The problematic framing of Universal Service

For present purposes, we need not delve into these mechanisms. Rather, the very point of this post is that the interminable debates about these mechanisms — who pays into the USF and how much; who gets paid out of the fund and how much; and what services and technologies the fund covers — simply don’t match the policy challenges of closing the digital divide.

What the 1996 Telecom Act does offer is a statement of the purposes of Universal Service. In 47 USC 254(b)(3), the Act states the purpose of ensuring “Access in rural and high cost areas”:

Consumers in all regions of the Nation, including low-income consumers and those in rural, insular, and high cost areas, should have access to telecommunications and information services … that are reasonably comparable to those services provided in urban areas ….

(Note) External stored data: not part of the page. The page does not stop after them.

(* Let $\{w^k\}$ be generated by Algorithm 2 (running infinitely). Each accumulation point $\bar w$ of $\{w^k\}$ is feasible for (P) (i.e., $G(\bar w)\in C$ and $\bar w\in D$) provided one of the following holds: (a) $\{\rho_k\}$ is bounded; or (b) there is $B\in\mathbb R$ with $\mathcal L_{\rho_k}(w^{k+1},u^k)\le B$ for all $k\in\mathbb N$.
   Context: Standing setting: $\mathbb W,\mathbb Y$ Euclidean spaces; (P) is $\min f(w)$ s.t. $G(w)\in C$, $w\in D$, with $f\colon\mathbb W\to\mathbb R$, $G\colon\mathbb W\to\mathbb Y$ continuously differentiable, $C\subset\mathbb Y$ nonempty closed convex, $D\subset\mathbb W$ nonempty closed. $P_C$ is the Euclidean projection onto $C$, $d_C(y)=\|y-P_C(y)\|$; $\mathcal N^{\lim}_D(\bar w):=\limsup_{w\to\bar w}\operatorname{cone}(w-\Pi_D(w))$ for $\bar w\in D$ ($\Pi_D$ multivalued projection, outer set limit), $\varnothing$ for $\bar w\notin D$. Augmented Lagrangian $\mathcal L_\rho(w,\lambda):=f(w)+\frac\rho2 d_C^2(G(w)+\lambda/\rho)$; $V_\rho(w,u):=\|G(w)-P_C(G(w)+u/\rho)\|$. Algorithm 2: data $\rho_0>0$, $\beta>1$, $\eta\in(0,1)$, $w^0\in D$, a nonempty bounded set $U\subset\mathbb Y$. For $k=0,1,\dots$: choose $u^k\in U$; compute $w^{k+1}$ and $\varepsilon^{k+1}\in\mathbb W$ with $\varepsilon^{k+1}\in\nabla_w\mathcal L_{\rho_k}(w^{k+1},u^k)+\mathcal N^{\lim}_D(w^{k+1})$ (so $w^{k+1}\in D$); set $\lambda^{k+1}:=\rho_k[G(w^{k+1})+u^k/\rho_k-P_C(G(w^{k+1})+u^k/\rho_k)]$; if $k=0$ or $V_{\rho_k}(w^{k+1},u^k)\le\eta V_{\rho_{k-1}}(w^k,u^{k-1})$ set $\rho_{k+1}:=\rho_k$, else $\rho_{k+1}:=\beta\rho_k$. *)

(* W = 'rV[R]_n, Y = 'rV[R]_m with the Euclidean
   inner product and norm defined below. *)
From HB Require Import structures.
From mathcomp Require Import all_boot all_order all_algebra.
From mathcomp Require Import all_classical all_reals all_analysis.
Set Implicit Arguments. Unset Strict Implicit. Unset Printing Implicit Defensive.
Import Order.TTheory GRing.Theory Num.Theory.
Import numFieldNormedType.Exports.
Local Open Scope classical_set_scope.
Local Open Scope ring_scope.

Section Defs.
Variable R : realType.

Definition inner (k : nat) (x y : 'rV[R]_k) : R := \sum_(i < k) x 0 i * y 0 i.
Definition enorm (k : nat) (x : 'rV[R]_k) : R := Num.sqrt (inner x x).

Definition eclosed (k : nat) (A : set 'rV[R]_k) : Prop :=
  forall x, (forall e : R, 0 < e -> exists2 y, A y & enorm (x - y) < e) -> A x.
Definition econvex (k : nat) (A : set 'rV[R]_k) : Prop :=
  forall x y (t : R), A x -> A y -> 0 <= t <= 1 -> A (t *: x + (1 - t) *: y).
Definition ebounded (k : nat) (A : set 'rV[R]_k) : Prop :=
  exists M : R, forall y, A y -> enorm y <= M.
Definition seq_conv (k : nat) (x : nat -> 'rV[R]_k) (l : 'rV[R]_k) : Prop :=
  forall e : R, 0 < e -> exists N, forall j, (N <= j)%N -> enorm (x j - l) < e.
Definition accum_point (k : nat) (x : nat -> 'rV[R]_k) (l : 'rV[R]_k) : Prop :=
  forall e : R, 0 < e -> forall N, exists2 j, (N <= j)%N & enorm (x j - l) < e.

Definition PiD (k : nat) (D : set 'rV[R]_k) (w : 'rV[R]_k) : set 'rV[R]_k :=
  [set p | D p /\ forall d, D d -> enorm (w - p) <= enorm (w - d)].

(* Euclidean projection P_C onto C (a chosen nearest point; unique when C is
   nonempty closed convex) and distance d_C *)
Definition projC (k : nat) (C : set 'rV[R]_k) (y : 'rV[R]_k) : 'rV[R]_k :=
  xget y (PiD C y).
Definition distC (k : nat) (C : set 'rV[R]_k) (y : 'rV[R]_k) : R :=
  enorm (y - projC C y).

Definition cone (k : nat) (A : set 'rV[R]_k) : set 'rV[R]_k :=
  [set v | exists t : R, exists2 a, A a & 0 <= t /\ v = t *: a].

(* limiting normal cone: outer limit of cone(w - Pi_D(w)) as w -> wbar *)
Definition Nlim (k : nat) (D : set 'rV[R]_k) (wbar : 'rV[R]_k) : set 'rV[R]_k :=
  [set v | D wbar /\
     exists (ws vs : nat -> 'rV[R]_k), [/\ seq_conv ws wbar, seq_conv vs v &
       forall j, cone [set ws j - p | p in PiD D (ws j)] (vs j)]].

Definition is_grad (k : nat) (phi : 'rV[R]_k -> R) (w g : 'rV[R]_k) : Prop :=
  differentiable phi w /\ forall h, 'd phi w h = inner g h.

Definition AugL (n m : nat) (f : 'rV[R]_n -> R) (G : 'rV[R]_n -> 'rV[R]_m)
  (C : set 'rV[R]_m) (rho : R) (w : 'rV[R]_n) (lam : 'rV[R]_m) : R :=
  f w + rho / 2 * distC C (G w + rho^-1 *: lam) ^+ 2.
Definition Vrho (n m : nat) (G : 'rV[R]_n -> 'rV[R]_m) (C : set 'rV[R]_m)
  (rho : R) (w : 'rV[R]_n) (u : 'rV[R]_m) : R :=
  enorm (G w - projC C (G w + rho^-1 *: u)).

Definition C1 (n k : nat) (F : 'rV[R]_n -> 'rV[R]_k) : Prop :=
  (forall w, differentiable F w) /\ forall h, continuous (fun w => 'd F w h).
Definition C1r (n : nat) (F : 'rV[R]_n -> R) : Prop :=
  (forall w, differentiable F w) /\ forall h, continuous (fun w => 'd F w h).

Definition algorithm2 (n m : nat) (f : 'rV[R]_n -> R) (G : 'rV[R]_n -> 'rV[R]_m)
  (C : set 'rV[R]_m) (D : set 'rV[R]_n) (rho0 beta eta : R) (U : set 'rV[R]_m)
  (w eps : nat -> 'rV[R]_n) (u : nat -> 'rV[R]_m) (rho : nat -> R) : Prop :=
  [/\ rho 0%N = rho0, D (w 0%N),
      forall k, U (u k),
      forall k, exists2 g, is_grad (fun x => AugL f G C (rho k) x (u k)) (w k.+1) g
                        & Nlim D (w k.+1) (eps k.+1 - g) &
      forall k, rho k.+1 =
        (if (k == 0)%N || (Vrho G C (rho k) (w k.+1) (u k)
                            <= eta * Vrho G C (rho k.-1) (w k) (u k.-1))
         then rho k else beta * rho k)].
End Defs.

(* Since every iterate lies
   in the closed set D, so does w̄.  For G(w̄) ∈ C it suffices, by continuity
   of G and closedness of C, that G(w^j) comes arbitrarily close to C for
   late indices j with w^j near w̄ (lemma [accum_image_in]).  Two regimes of
   the penalty parameters ρ_k (nondecreasing, multiplied by β > 1 or kept):
   - ρ_k bounded: then ρ_k is eventually constant, so the residual
     V_k = ‖G(w^{k+1}) - P_C(G(w^{k+1}) + u^k/ρ_k)‖ contracts by the factor η
     from some index on and tends to 0 ([bounded_rho_residual_vanishes]);
     each residual bounds the distance from G(w^{k+1}) to C.
   - ρ_k unbounded and the augmented Lagrangian values bounded by B: since f
     is bounded below near w̄, (ρ_k/2) d_C(G(w^{k+1}) + u^k/ρ_k)² stays below
     a constant, while u^k/ρ_k → 0 because U is bounded
     ([unbounded_penalty_close]).
   Hypothesis (a) is the first regime; hypothesis (b) reduces to one of them. *)
From HB Require Import structures.
From mathcomp Require Import all_boot all_order all_algebra.
From mathcomp Require Import all_classical all_reals all_analysis.
From mathcomp Require Import lra zify.
Set Implicit Arguments. Unset Strict Implicit. Unset Printing Implicit Defensive.
Import Order.TTheory GRing.Theory Num.Theory Num.Def.
Import numFieldNormedType.Exports.
Local Open Scope classical_set_scope.
Local Open Scope ring_scope.

Section EuclideanNorm.
Variable R : realType.

Lemma inner_ge0 k (x : 'rV[R]_k) : 0 <= inner x x.
Proof. by apply: sumr_ge0 => i _; rewrite -expr2 sqr_ge0. Qed.

Lemma enorm_ge0 k (x : 'rV[R]_k) : 0 <= enorm x.
Proof. exact: sqrtr_ge0. Qed.

Lemma enormB k (x y : 'rV[R]_k) : enorm (x - y) = enorm (y - x).
Proof.
rewrite /enorm /inner; congr Num.sqrt; apply: eq_bigr => i _.
by rewrite !mxE -mulrNN !opprB.
Qed.

Lemma norm_le_enorm k (x : 'rV[R]_k) : `|x| <= enorm x.
Proof.
rewrite [leLHS]/normr /= mx_normrE; apply/bigmax_leP; split => /=.
  exact: enorm_ge0.
move=> [a i] _ /=; rewrite (ord1 a) -sqrtr_sqr /enorm ler_sqrt ?inner_ge0 //.
rewrite /inner (bigD1 i) //= expr2 lerDl.
by apply: sumr_ge0 => j _; rewrite -expr2 sqr_ge0.
Qed.

Lemma enorm_le_norm k (x : 'rV[R]_k) : enorm x <= k.+1%:R * `|x|.
Proof.
have coord_le i : `|x 0 i| <= `|x|.
  by rewrite [leRHS]/normr /= mx_normrE; apply/bigmax_geP; right; exists (0, i).
rewrite -[k.+1%:R * _]ger0_norm ?mulr_ge0 // -sqrtr_sqr /enorm.
rewrite ler_sqrt ?sqr_ge0 //.
apply: (@le_trans _ _ (\sum_(i < k) `|x| ^+ 2)).
  apply: ler_sum => i _; rewrite -expr2 -real_normK ?num_real //.
  by rewrite lerXn2r ?nnegrE // coord_le.
rewrite sumr_const card_ord -mulr_natl -[k.+1]addn1 natrD.
have : 0 <= k%:R :> R by [].
have : 0 <= `|x| by [].
set t := `|x|; set q := k%:R; nra.
Qed.

Lemma eclosed_normP k (A : set 'rV[R]_k) x : eclosed A ->
  (forall e, 0 < e -> exists2 y, A y & `|x - y| < e) -> A x.
Proof.
move=> eA near_x; apply: eA => e e0.
have k0 : 0 < k.+1%:R :> R by [].
have [y Ay xy] := near_x _ (divr_gt0 e0 k0).
exists y => //; apply: le_lt_trans (enorm_le_norm _) _.
by rewrite mulrC -ltr_pdivlMr.
Qed.

Lemma eclosed_closed k (A : set 'rV[R]_k) : eclosed A -> closed A.
Proof.
move=> eA x clx; apply: eclosed_normP eA _ => e e0.
have [y [Ay xy]] := clx _ (nbhsx_ballx x _ e0).
by exists y => //; move: xy; rewrite -ball_normE.
Qed.

Lemma accum_point_in k (A : set 'rV[R]_k) (x : nat -> 'rV[R]_k) l :
  eclosed A -> (forall j, A (x j)) -> accum_point x l -> A l.
Proof.
move=> eA Ax acc; apply: eA => e e0; have [j _ xj] := acc e e0 0%N.
by exists (x j); rewrite // enormB.
Qed.

End EuclideanNorm.

Section Projection.
Variable R : realType.

Lemma sqdist_continuous k (y : 'rV[R]_k) :
  continuous (fun c : 'rV[R]_k => inner (y - c) (y - c)).
Proof.
apply: (@continuous_big _ _ +%R 0 xpredT add_continuous) => i _ c.
have coord_cont : continuous (fun c : 'rV[R]_k => (y - c) 0 i).
  move=> c'; have sub_cont : {for c', continuous (fun c : 'rV[R]_k => y - c)}.
    by apply: continuousB; [exact: cst_continuous | exact: cvg_id].
  exact: (continuous_comp sub_cont (@coord_continuous _ 1 k 0 i (y - c'))).
exact: (continuousM (coord_cont c) (coord_cont c)).
Qed.

(* A nonempty closed set has a nearest point to every y: minimize the
   squared distance over the compact part of the set that is at least as
   close to y as a fixed element. *)
Lemma nearest_point_exists k (A : set 'rV[R]_k) y :
  A !=set0 -> eclosed A -> exists p, PiD A y p.
Proof.
move=> [a0 Aa0] eA.
pose h c := inner (y - c) (y - c).
pose K := A `&` [set c | h c <= h a0].
have K0 : K !=set0 by exists a0; split => /=.
have cK : compact K.
  apply: bounded_closed_compact.
    exists (Num.sqrt (h a0) + `|y|); split; first exact: num_real.
    move=> M HM c [_ hc]; apply/ltW/(le_lt_trans _ HM) => /=.
    rewrite -[c](subKr y) (le_trans (ler_normB _ _)) // addrC lerD2r.
    by apply: le_trans (norm_le_enorm _) _; rewrite ler_sqrt ?inner_ge0.
  apply: closedI; first exact: eclosed_closed.
  apply: (preimage_closed (f := h) (D := [set x | x <= h a0])); last first.
    exact: closed_le.
  by move=> z _; exact: sqdist_continuous.
have [p Kp pmin] := EVT_min_rV K0 cK
  (continuous_subspaceT (@sqdist_continuous k y)).
move: Kp; rewrite inE => -[Ap hp]; exists p; split => // d Ad.
rewrite /enorm ler_sqrt ?inner_ge0 //.
have [hd|hd] := leP (h d) (h a0); first by apply: pmin; rewrite inE.
exact: le_trans hp (ltW hd).
Qed.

This is a problematic framing. (I would actually call it patently offensive…). It is a framing that made sense in the telephone era, when ensuring last-mile service meant providing only basic voice telephone service. In that era, having any service meant having all service, and the primary obstacles to overcome were the high-cost of service to remote areas and the lower revenues expected from lower-income areas. But its implicit suggestion is that the goal of federal policy should be to make rural America look like urban America.

Today universal service, at least from the perspective of closing the digital divide, means something different, however. The technological needs of rural America are different than those of urban America; the technological needs of poor and lower-income America are different than those of rich America. Framing the goal in terms of making sure rural and lower-income America have access to the same services as urban and wealthy America is, by definition, not responsive to (or respectful of) the needs of those who are on the wrong side of one of this country’s many digital divides. Indeed, that goal almost certainly distracts from and misallocates resources that could be better leveraged towards closing these divides.

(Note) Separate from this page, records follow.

Lemma decreases_left_of_largest f f' K t r2 r3 r4 :
  (forall x, derivable_pt_lim f x (f' x)) -> 0 < K ->
  r2 < t -> r3 < t -> r4 < t ->
  (forall x, f' x = K * prod4 x t r2 r3 r4) ->
  exists t1, r2 < t1 < t /\ f t < f t1.
Proof.
  intros Hf HK h2 h3 h4 HD.
  set (m := Rmax r2 (Rmax r3 r4)).
  assert (m < t /\ r2 <= m /\ r3 <= m /\ r4 <= m) as (tm & m2 & m3 & m4)
    by (unfold m, Rmax; repeat destruct Rle_dec; lra).
  exists ((t + m) / 2). split; [lra|].
  destruct (MVT_cor2 f f' ((t + m) / 2) t ltac:(lra) (fun x _ => Hf x)) as [z [Ez Hz]].
  assert (Hneg : prod4 z t r2 r3 r4 < 0).
  { unfold prod4. assert (0 > (z - t) * (z - r2)) by nra.
    assert (0 > (z - t) * (z - r2) * (z - r3)) by nra. nra. }
  rewrite HD in Ez. assert (K * prod4 z t r2 r3 r4 < 0) by nra. nra.
Qed.

Lemma cos_triple t : cos (3 * t) = 4 * cos t ^ 3 - 3 * cos t.
Proof.
  replace (3 * t) with (2 * t + t) by ring.
  rewrite cos_plus, cos_2a_cos, sin_2a.
  pose proof (sin2_cos2 t) as Hpyth. unfold Rsqr in Hpyth.
  replace (2 * sin t * cos t * sin t) with (2 * cos t * (sin t * sin t)) by ring.
  replace (sin t * sin t) with (1 - cos t * cos t) by lra. ring.
Qed.

(* For 0 < alpha < pi, C = cos(2pi/3 + alpha/3) is the smallest of the three
   solutions of 4C^3 - 3C = cos alpha and lies in (-1, -1/2). *)
Lemma viete_cos_bounds alpha :
  0 < alpha < PI ->
  let C := cos (2 * PI / 3 + alpha / 3) in
  -1 < C < -1/2 /\ cos alpha = 4 * C^3 - 3 * C.
Proof.
  intros Hal C. pose proof PI_RGT_0.
  assert (Ecos : cos (2 * PI / 3) = -1/2).
  { replace (2 * PI / 3) with (PI - PI / 3) by field.
    rewrite Rtrigo_facts.cos_pi_minus, cos_PI3. field. }
  split; [split|].
  - rewrite <- cos_PI. apply cos_decreasing_1; lra.
  - rewrite <- Ecos. apply cos_decreasing_1; lra.
  - unfold C. rewrite <- cos_triple.
    replace (3 * (2 * PI / 3 + alpha / 3)) with (alpha + 2 * PI) by field.
    rewrite cos_plus, cos_2PI, sin_2PI. ring.
Qed.

Definition viete_root (a alpha : R) : R := 2 * sqrt (- a / 3) * cos (2 * PI / 3 + alpha / 3).

(* When the cubic y^3 + a y + b has negative discriminant and alpha is the
   angle of the trigonometric method, viete_root a alpha is its smallest
   root, and -2 sqrt(-a/3) < y < -sqrt(-a/3). *)
Lemma viete_root_spec a b alpha :
  (a / 3)^3 + (b / 2)^2 < 0 -> 0 <= alpha <= PI ->
  cos alpha = - (b / 2) * ((- 3 / a) * sqrt (- 3 / a)) ->
  let y := viete_root a alpha in
  y^3 + a * y + b = 0 /\ y < 0 /\ 3 * y^2 < - 4 * a /\ - a < 3 * y^2.
Proof.
  intros HQ Hal Hcos y.
  assert (Ha : a < 0).
  { destruct (Rle_or_lt 0 a) as [Ha|]; [|assumption].
    assert (0 <= (a / 3)^3) by (apply pow_le; lra). nra. }
  set (m := sqrt (- a / 3)).
  assert (Hm : 0 < m) by (apply sqrt_lt_R0; lra).
  assert (Hmm : m * m = - a / 3) by (apply sqrt_sqrt; lra).
  assert (Hm3 : 0 < m * m * m) by (apply Rmult_lt_0_compat; nra).
  assert (Hinv : - 3 / a = / (m * m)) by (rewrite Hmm; field; lra).
  assert (Hca : cos alpha = - (b / 2) / (m * m * m)).
  { rewrite Hcos, Hinv, sqrt_inv, sqrt_square by lra. field. lra. }
  assert (Hb : (b / 2)^2 < (m * m * m)^2).
  { replace (a / 3) with (- (m * m)) in HQ by lra. nra. }
  assert (Hc1 : cos alpha ^ 2 < 1).
  { rewrite Hca. replace ((- (b / 2) / (m * m * m))^2) with ((b / 2)^2 / (m * m * m)^2)
      by (field; lra).
    apply (Rmult_lt_reg_r ((m * m * m)^2)); [nra|]. field_simplify; lra. }
  assert (Hal' : 0 < alpha < PI).
  { destruct Hal as [[H0 | <-] [HPI | ->]]; try (split; assumption);
      rewrite ?cos_0, ?cos_PI in Hc1; lra. }
  destruct (viete_cos_bounds alpha Hal') as [[HC1 HC2] Htriple].
  set (C := cos (2 * PI / 3 + alpha / 3)) in *.
  assert (Ey : y = 2 * m * C) by reflexivity.
  assert (Eb : b = - 2 * (m * m * m) * (4 * C^3 - 3 * C))
    by (rewrite <- Htriple, Hca; field; lra).
  assert (Hm2 : 0 < m * m) by nra.
  rewrite Ey, Eb. replace a with (- 3 * (m * m)) by lra.
  repeat split.
  - ring.
  - nra.
  - assert (C * C < 1) by nra. nra.
  - assert (1 / 4 < C * C) by nra. nra.
Qed.

(* The two discriminants of the quadratic factors in Ferrari's method,
   where s = sqrt(2 z). *)
Definition ferrari_disc_plus (p q z s : R) : R := 2 * z - 4 * (p / 2 + z + q / (2 * s)).
Definition ferrari_disc_minus (p q z s : R) : R := 2 * z - 4 * (p / 2 + z - q / (2 * s)).

(* z = y - p/3 is a root of Ferrari's resolvent cubic when y is a root of the
   depressed resolvent y^3 + a y + b. *)
Lemma ferrari_resolvent p q r y z :
  y^3 + (- p^2 / 12 - r) * y + (- p^3 / 108 + p * r / 3 - q^2 / 8) = 0 ->
  z = y - p / 3 -> q^2 = 8 * z * ((z + p / 2)^2 - r).
Proof. intros Hy ->. nra. Qed.

Lemma ferrari_disc_sum p q z s :
  0 < s -> ferrari_disc_plus p q z s + ferrari_disc_minus p q z s = - 4 * p - 4 * z.
Proof. intro Hs. unfold ferrari_disc_plus, ferrari_disc_minus. field. lra. Qed.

The Demands of Rural Broadband

Rural broadband needs are simultaneously both more and less demanding than the services we typically focus on when discussing universal service. The services that we fund, and the way that we approach how to close digital divides, needs to be based in the first instance on the actual needs of the community that connectivity is meant to serve. Take just two of the prototypical examples: precision and automated farming, and telemedicine.

Assessing rural broadband needs

Precision agriculture requires different networks than does watching Netflix, web surfing, or playing video games. Farms with hundreds or thousands of sensors and other devices per acre can put significant load on networks — but not in terms of bandwidth. The load is instead measured in terms of packets and connections per second. Provisioning networks to handle lots of small packets is very different from provisioning them to handle other, more-typical (to the DC crowd), use cases.

On the other end of the agricultural spectrum, many farms don’t own their own combines. Combines cost upwards of a million dollars. One modern combine is sufficient to tend to several hundred acres in a given farming season. It is common for many farmers to hire someone who owns a combine to service their fields. During harvest season, for instance, one combine service may operate on a dozen farms during harvest season. Prior to operation, modern precision systems need to download a great deal of GIS, mapping, weather, crop, and other data. High-speed Internet can literally mean the difference between letting a combine sit idle for many days of a harvest season while it downloads data and servicing enough fields to cover the debt payments on a million dollar piece of equipment.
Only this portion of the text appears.